Public-private financing for transportation, energy and water infrastructure projects in emerging economies rose 6% last year, to $107.5 billion, the World Bank has reported.
But last year's total is down from 2012's level of $140.4 billion, in constant 2014 dollars.
The bank’s latest update of its Private Participation in Infrastructure database, released on June 9, shows that, for 2014, Brazil ranked first among 139 “low-and middle-income” countries, with $44.2 billion. The country is preparing to host the 2016 Summer Olympics.
Brazil’s 2014 total jumped 80% from the previous year’s level, sparked by four of the five largest projects in the Latin American-Caribbean region.
The biggest project is $10.5 billion for the Rio de Janeiro airport, whose control was transferred to a concessionaire last year. The amount includes an $8-billion payment to the government, according to the bank.
Other large Brazilian projects are a $3.8-billion Sao Paulo Metro transit line and two toll roads, totaling $6.4 billion.
Following Brazil were Turkey, Peru, Colombia and India with a combined $34 billion in public-private infrastructure financing, said Clive Harris, the bank’s practice manager for public-private investments.
Besides Brazil, other countries that recorded increases include Peru and Colombia.

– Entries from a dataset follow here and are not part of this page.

(* Let $D=\{(x_1,y_1),\dots,(x_N,y_N)\}$ be a training set with $N$ samples, fix a target index $i\in\{1,\dots,N\}$, and fix a sampling size $z$ with $1\le z< N$. Let $q_\theta(y\mid x,\tilde D)\in[0,1]$ be a fixed predictor satisfying the Fitting Assumption below. Let $w_1=(p^{w_1}_1,\dots,p^{w_1}_N)$ be uniform sampling weights, $p^{w_1}_a=p_0=\frac1N$ for all $a$. For a real number $k$ with $1<k<N$, let $\lambda=\frac{1-kp_0}{1-p_0}=\frac{N-k}{N-1}$ and define new weights $w_2$ by $p^{w_2}_i=k p_0$ and $p^{w_2}_j=\lambda p_0$ for all $j\neq i$ (so $w_2$ is normalized). Define $$\lambda_B=\lambda^z\,\frac{\prod_{a=1}^{z}\bigl(1-(a-1)p_0\bigr)}{\prod_{a=1}^{z}\bigl(1-(a-1)\lambda p_0\bigr)},$$ which satisfies $0<\lambda_B<1$. If $k>(N-z)(1-\lambda_B)+1$, then $$\mathbb{E}\bigl[q_{(\theta,w_2)}(y_i\mid x_i,D)\bigr]>\mathbb{E}\bigl[q_{(\theta,w_1)}(y_i\mid x_i,D)\bigr].$$
   Context: Fitting Assumption: for every sample $(x_i,y_i)\in D$, every training set $\tilde D$ (a collection of labeled samples), and every other sample $(x_j,y_j)\in D$, $$q_\theta\bigl(y_i\mid x_i,\tilde D\cup\{(x_i,y_i)\}\bigr)>\max\Bigl[q_\theta(y_i\mid x_i,\tilde D),\;q_\theta\bigl(y_i\mid x_i,\tilde D\cup\{(x_j,y_j)\}\bigr)\Bigr].$$ Weighted non-replacement sampling: given normalized weights $w=(p_1,\dots,p_N)$ on the samples of $D$, a subset $D^z_w\subseteq D$ of size $z$ is drawn by selecting $z$ distinct samples sequentially, where at each step a not-yet-selected sample $a$ is chosen with probability $p_a/(1-\sum_{b\text{ already selected}}p_b)$. The sampled PFN predictor is $q_{(\theta,w)}(y\mid x,D)=q_\theta(y\mid x,D^z_w)$, and the expectation $\mathbb{E}[q_{(\theta,w)}(y_i\mid x_i,D)]=\sum_{S}\Pr(D^z_w=S)\,q_\theta(y_i\mid x_i,S)$ is over the random subset $D^z_w$. *)

From HB Require Import structures.
From mathcomp Require Import all_boot all_order all_algebra.
Set Implicit Arguments. Unset Strict Implicit. Unset Printing Implicit Defensive.
Import Order.TTheory GRing.Theory Num.Theory.
Local Open Scope ring_scope.
Lemma ler_powRN (R : realType) (a b p : R) : 0 < a -> a <= b -> 0 <= p ->
  b `^ (- p) <= a `^ (- p).
Proof.
move=> a0 ab p0; have b0 := lt_le_trans a0 ab.
rewrite !powRN lef_pV2 ?posrE ?powR_gt0 //.
by apply: ge0_ler_powR; rewrite // nnegrE ltW.
Qed.

Lemma ler_mul_norm_le1 (R : realDomainType) (k b u : R) :
  0 <= k -> 0 <= b -> `|u| <= 1 -> (u != 0 -> k <= b) -> k * `|u| <= b.
Proof.
move=> k0 b0 u1 kb; have [->|/kb kb'] := eqVneq u 0; first by rewrite normr0 mulr0.
by apply: le_trans kb'; rewrite ler_piMr.
Qed.

Section kernel_estimates.
Variables (R : realType) (d : nat) (alpha t : R).
Hypotheses (d_gt0 : (0 < d)%N) (alpha_gt0 : 0 < alpha) (t_gt0 : 0 < t).

(* [Kop R d w alpha t S f x] is the integral of [kernel x (centre R d w S) y * `|f y|]. *)
Definition kernel (x c y : 'rV[R]_d) : R :=
  (t * `|x - c|) `^ (alpha / 2) / (t + `|x - y|) `^ (alpha + d%:R).

Let beta := 1 + alpha / (2 * d%:R).

Let beta_gt1 : 1 < beta.
Proof. by rewrite ltrDl divr_gt0 // mulr_gt0 // ltr0n. Qed.

Let t_addr_gt0 {u : R} : 0 <= u -> 0 < t + u.
Proof. by move=> u0; rewrite ltr_pwDl. Qed.

Lemma kernel_ge0 x c y : 0 <= kernel x c y.
Proof. by rewrite divr_ge0 ?powR_ge0. Qed.

Lemma kernel_num_le (x c : 'rV[R]_d) h : `|x - c| <= h ->
  (t * `|x - c|) `^ (alpha / 2) <= (t * h) `^ (alpha / 2).
Proof.
move=> xc; apply: ge0_ler_powR.
- by rewrite divr_ge0 ?ltW.
- by rewrite nnegrE mulr_ge0 // ltW.
- by rewrite nnegrE mulr_ge0 ?(le_trans _ xc) // ltW.
- by rewrite ler_pM2l.
Qed.

Lemma kernel_le_far x c y (m h : R) : 0 < m -> m <= t + `|x - y| -> `|x - c| <= h ->
  kernel x c y <= (t * h) `^ (alpha / 2) * m `^ (- (alpha / 2)) *
                  \prod_(i < d) (t + `|y 0 i - x 0 i|) `^ (- beta).
Proof.
move=> m0 mxy xc; rewrite /kernel -mulrA -powRN.
apply: ler_pM; rewrite ?powR_ge0 ?kernel_num_le //.
have dE : - (alpha + d%:R) = - (alpha / 2) + (- beta) * d%:R.
  by rewrite /beta; field; rewrite pnatr_eq0 -lt0n.
have txy := t_addr_gt0 (normr_ge0 (x - y)).
rewrite dE powRD ?(gt_eqF txy) ?implybT // powRrM powR_mulrn ?powR_ge0 //.
apply: ler_pM; [exact: powR_ge0 | exact/exprn_ge0/powR_ge0 | |].
  by apply: ler_powRN => //; rewrite divr_ge0 // ltW.
rewrite -[X in _ ^+ X]card_ord -prodr_const; apply: ler_prod => i _.
rewrite powR_ge0 /=; apply: ler_powRN.
- exact: t_addr_gt0.
- by rewrite lerD2l distrC; have := coord_le_norm (x - y) i; rewrite !mxE.
- exact/ltW/(lt_trans ltr01 beta_gt1).
Qed.

Lemma kernel_le_near x c y h : `|x - c| <= h ->
  kernel x c y <= (t * h) `^ (alpha / 2) * t `^ (- (alpha + d%:R)).
Proof.
move=> xc; rewrite /kernel -powRN.
apply: ler_pM; rewrite ?powR_ge0 ?kernel_num_le //.
by apply: ler_powRN; rewrite ?lerDl // addr_ge0 // ltW.
Qed.

End kernel_estimates.

Lemma powR_gt0E (R : realType) (a p : R) : 0 < a -> a `^ p = expR (p * ln a).
Proof. by move=> a0; rewrite /powR gt_eqF. Qed.

Section Kop_estimates.
Context {R : realType} {d : nat} {alpha t : R}.
Hypotheses (d_gt0 : (0 < d)%N) (alpha_gt0 : 0 < alpha) (t_gt0 : 0 < t).

Lemma far_bound_simpl (h m : R) : 0 < h -> 0 < m ->
  let beta := 1 + alpha / (2 * d%:R) in
  (t * h) `^ (alpha / 2) * m `^ (- (alpha / 2)) * (2 / (beta - 1) * t `^ (1 - beta)) ^+ d
  = (4 * d%:R / alpha) ^+ d * (h / m) `^ (alpha / 2).
Proof.
move=> h0 m0 beta; have dn0 : (d%:R : R) != 0 by rewrite pnatr_eq0 -lt0n.
have -> : 2 / (beta - 1) = 4 * d%:R / alpha by rewrite /beta; field; rewrite gt_eqF.
rewrite exprMn [LHS]mulrCA; congr (_ * _).
rewrite !powR_gt0E ?mulr_gt0 ?divr_gt0 ?invr_gt0 // -expRM_natl -!expRD.
rewrite lnM ?ln_div ?posrE //.
by congr expR; rewrite /beta; field.
Qed.

Lemma Kop_far_le {w S} {f : 'rV[R]_d -> R} {x m h} : 0 < m -> 0 < h ->
  (forall y, f y != 0 -> m <= t + `|x - y|) -> (forall y, `|f y| <= 1) ->
  `|x - centre R d w S| <= h ->
  (Kop R d w alpha t S f x <= ((4 * d%:R / alpha) ^+ d * (h / m) `^ (alpha / 2))%:E)%E.
Proof.
move=> m0 h0 fm f1 xc; rewrite /Kop -far_bound_simpl //.
set beta := 1 + alpha / (2 * d%:R).
have beta_gt1 : 1 < beta by rewrite ltrDl divr_gt0 // mulr_gt0 // ltr0n.
pose g i s := (t + `|s - x 0 i|) `^ (- beta).
apply: le_trans (@le_int_Rd R d _
  (fun y => ((t * h) `^ (alpha / 2) * m `^ (- (alpha / 2)) * \prod_(i < d) g i (y 0 i))%:E) _ _) _.
- by move=> y; rewrite lee_fin; apply: mulr_ge0 => //; exact: kernel_ge0.
- move=> y; rewrite lee_fin; apply: ler_mul_norm_le1 => //.
  + exact: kernel_ge0.
  + by rewrite !mulr_ge0 ?powR_ge0 // prodr_ge0 // => i _; rewrite powR_ge0.
  + by move=> /fm fy; apply: kernel_le_far.
rewrite int_Rd_prod ?mulr_ge0 ?powR_ge0 //; last 2 first.
- by move=> i s; rewrite powR_ge0.
- by move=> i; apply: continuous_measurable_fun; exact: continuous_powR_dist.
under eq_bigr do rewrite integral_powR_dist //.
by rewrite prodEFin prodr_const card_ord -EFinM.
Qed.

Lemma Kop_near_le {w S} {f : 'rV[R]_d -> R} {x h q} {a : 'I_d -> R} : 0 <= q ->
  (forall y, f y != 0 -> forall i, a i <= y 0 i < a i + q) -> (forall y, `|f y| <= 1) ->
  `|x - centre R d w S| <= h ->
  (Kop R d w alpha t S f x <= ((t * h) `^ (alpha / 2) * t `^ (- (alpha + d%:R)) * q ^+ d)%:E)%E.
Proof.
move=> q0 fa f1 xc; rewrite /Kop.
pose g i s : R := \1_(`[a i, a i + q[ : set R) s.
apply: le_trans (@le_int_Rd R d _
  (fun y => ((t * h) `^ (alpha / 2) * t `^ (- (alpha + d%:R)) * \prod_(i < d) g i (y 0 i))%:E) _ _) _.
- by move=> y; rewrite lee_fin; apply: mulr_ge0 => //; exact: kernel_ge0.
- move=> y; rewrite lee_fin; apply: ler_mul_norm_le1 => //.
  + exact: kernel_ge0.
  + by rewrite !mulr_ge0 ?powR_ge0 // prodr_ge0 // => i _; rewrite /g indicE.
  + move=> /fa ya; rewrite big1 ?mulr1; first exact: kernel_le_near.
    by move=> i _; rewrite /g indicE mem_set //= in_itv /= ya.
rewrite int_Rd_prod; last 3 first.
- by rewrite mulr_ge0 ?powR_ge0.
- by move=> i s; rewrite /g indicE.
- by move=> i; exact: measurable_indic.
under eq_bigr do rewrite integral_indic_itvco ?lerDl // (addrC (a _)) addrK.
by rewrite prodEFin prodr_const card_ord -EFinM.
Qed.

End Kop_estimates.

Section decay_arithmetic.
Context {R : realType} {alpha : R}.
Hypothesis alpha_gt0 : 0 < alpha.

Lemma far_decay_small_cube (h t L : R) (r : nat) : 0 < h -> h <= L -> L / 2 < t ->
  (h / t) `^ (alpha / 2) <=
  2 `^ (alpha / 2 + alpha / 4 * r%:R) * (h / (2 ^+ r * L)) `^ (alpha / 4).
Proof.
move=> h0 hL Lt; have L0 := lt_le_trans h0 hL.
have t0 : 0 < t by apply: lt_trans Lt; rewrite divr_gt0.
rewrite !powR_gt0E ?divr_gt0 ?mulr_gt0 ?exprn_gt0 // -expRD ler_expR.
rewrite !ln_div ?lnM ?lnXn ?posrE ?mulr_gt0 ?exprn_gt0 // -[ln 2 *+ r]mulr_natr.
have lnhL : ln h <= ln L by rewrite ler_ln ?posrE.
have lnLt : ln L - ln 2 <= ln t by rewrite -ln_div ?posrE // ler_ln ?posrE ?divr_gt0 // ltW.
have : 0 <= alpha * (ln L - ln h) by apply: mulr_ge0; [exact: ltW | lra].
have : 0 <= alpha * (ln t - ln L + ln 2) by apply: mulr_ge0; [exact: ltW | lra].
nra.
Qed.

Lemma far_decay_large_cube {h q gamma : R} : 0 < h -> h <= q -> 0 <= gamma -> gamma <= 2^-1 ->
  (h / (h `^ gamma * q `^ (1 - gamma))) `^ (alpha / 2) <= (h / q) `^ (alpha / 4).
Proof.
move=> h0 hq g0 g1; have q0 := lt_le_trans h0 hq.
rewrite !powR_gt0E ?divr_gt0 ?mulr_gt0 ?expR_gt0 // ler_expR.
rewrite !ln_div ?lnM ?posrE ?mulr_gt0 ?expR_gt0 // !expRK.
have lnhq : ln h <= ln q by rewrite ler_ln ?posrE.
have : 0 <= (alpha * (1 - 2 * gamma)) * (ln q - ln h).
  by apply: mulr_ge0; [apply: mulr_ge0; [exact: ltW | lra] | lra].
nra.
Qed.

Lemma near_decay (d : nat) (h q t L : R) : 0 < h -> 0 < q -> 0 < L -> L / 2 < t ->
  (t * h) `^ (alpha / 2) * t `^ (- (alpha + d%:R)) * q ^+ d <=
  2 `^ (alpha / 2 + d%:R) * (q ^+ d / L ^+ d) * (h / L) `^ (alpha / 2).
Proof.
move=> h0 q0 L0 Lt; have t0 : 0 < t by apply: lt_trans Lt; rewrite divr_gt0.
rewrite -!powR_mulrn ?(ltW q0) ?(ltW L0) //.
rewrite !powR_gt0E ?divr_gt0 ?mulr_gt0 // -!expRD -expRB -!expRD ler_expR.
rewrite !ln_div ?lnM ?posrE ?mulr_gt0 //.
have lnLt : ln L - ln 2 <= ln t by rewrite -ln_div ?posrE // ler_ln ?posrE ?divr_gt0 // ltW.
have : 0 <= (alpha / 2 + d%:R) * (ln t - ln L + ln 2).
  by apply: mulr_ge0; [rewrite addr_ge0 ?divr_ge0 // ltW | lra].
nra.
Qed.

End decay_arithmetic.

Lemma norm_indic_le1 {R : realDomainType} {T} (A : set T) (y : T) : `|(\1_A y : R)| <= 1.
Proof. by rewrite indicE; case: (y \in A); rewrite ?normr1 ?normr0. Qed.

Section lemma7p4_estimates.
Context {R : realType} {d : nat} {alpha t : R} {w : grid_param d} {S' Rc Q : dcube d}.
Context {x : 'rV[R]_d}.
Hypotheses (d_gt0 : (0 < d)%N) (alpha_gt0 : 0 < alpha).
Hypotheses (SR : cube_set R d w S' `<=` cube_set R d w Rc) (xS : cube_set R d w S' x).
Hypotheses (SQ : cube_set R d w S' `<=` cube_set R d w Q) (Lt : side R d Rc / 2 < t).

Let h_gt0 : 0 < side R d S' := side_gt0 S'.
Let L_gt0 : 0 < side R d Rc := side_gt0 Rc.
Let q_gt0 : 0 < side R d Q := side_gt0 Q.
Let t_gt0 : 0 < t. Proof. by apply: lt_trans Lt; rewrite divr_gt0. Qed.
Let hL : side R d S' <= side R d Rc. Proof. exact: side_le_subset d_gt0 xS SR. Qed.
Let xc := norm_sub_centre_le xS.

China, Turkey and India were among those posting investment declines.
The Sub-Saharan Africa region saw investment plunge 72% last year, to $2.6 billion, which the bank said is due to a falloff in energy-project volume.
Transportation led the sectors in the volume of investment, with $55.3 billion last year. That included $28.5 billion for 33 road projects. Brazil had four of the top five road projects.
Airports accounted for the second-largest share of the transport sector, with $13.2 billion for five projects, led by the Rio de Janeiro transaction.
The bank defines “investment” as commitments at the time of financial closings. The energy sector excludes oil and gas exploration projects.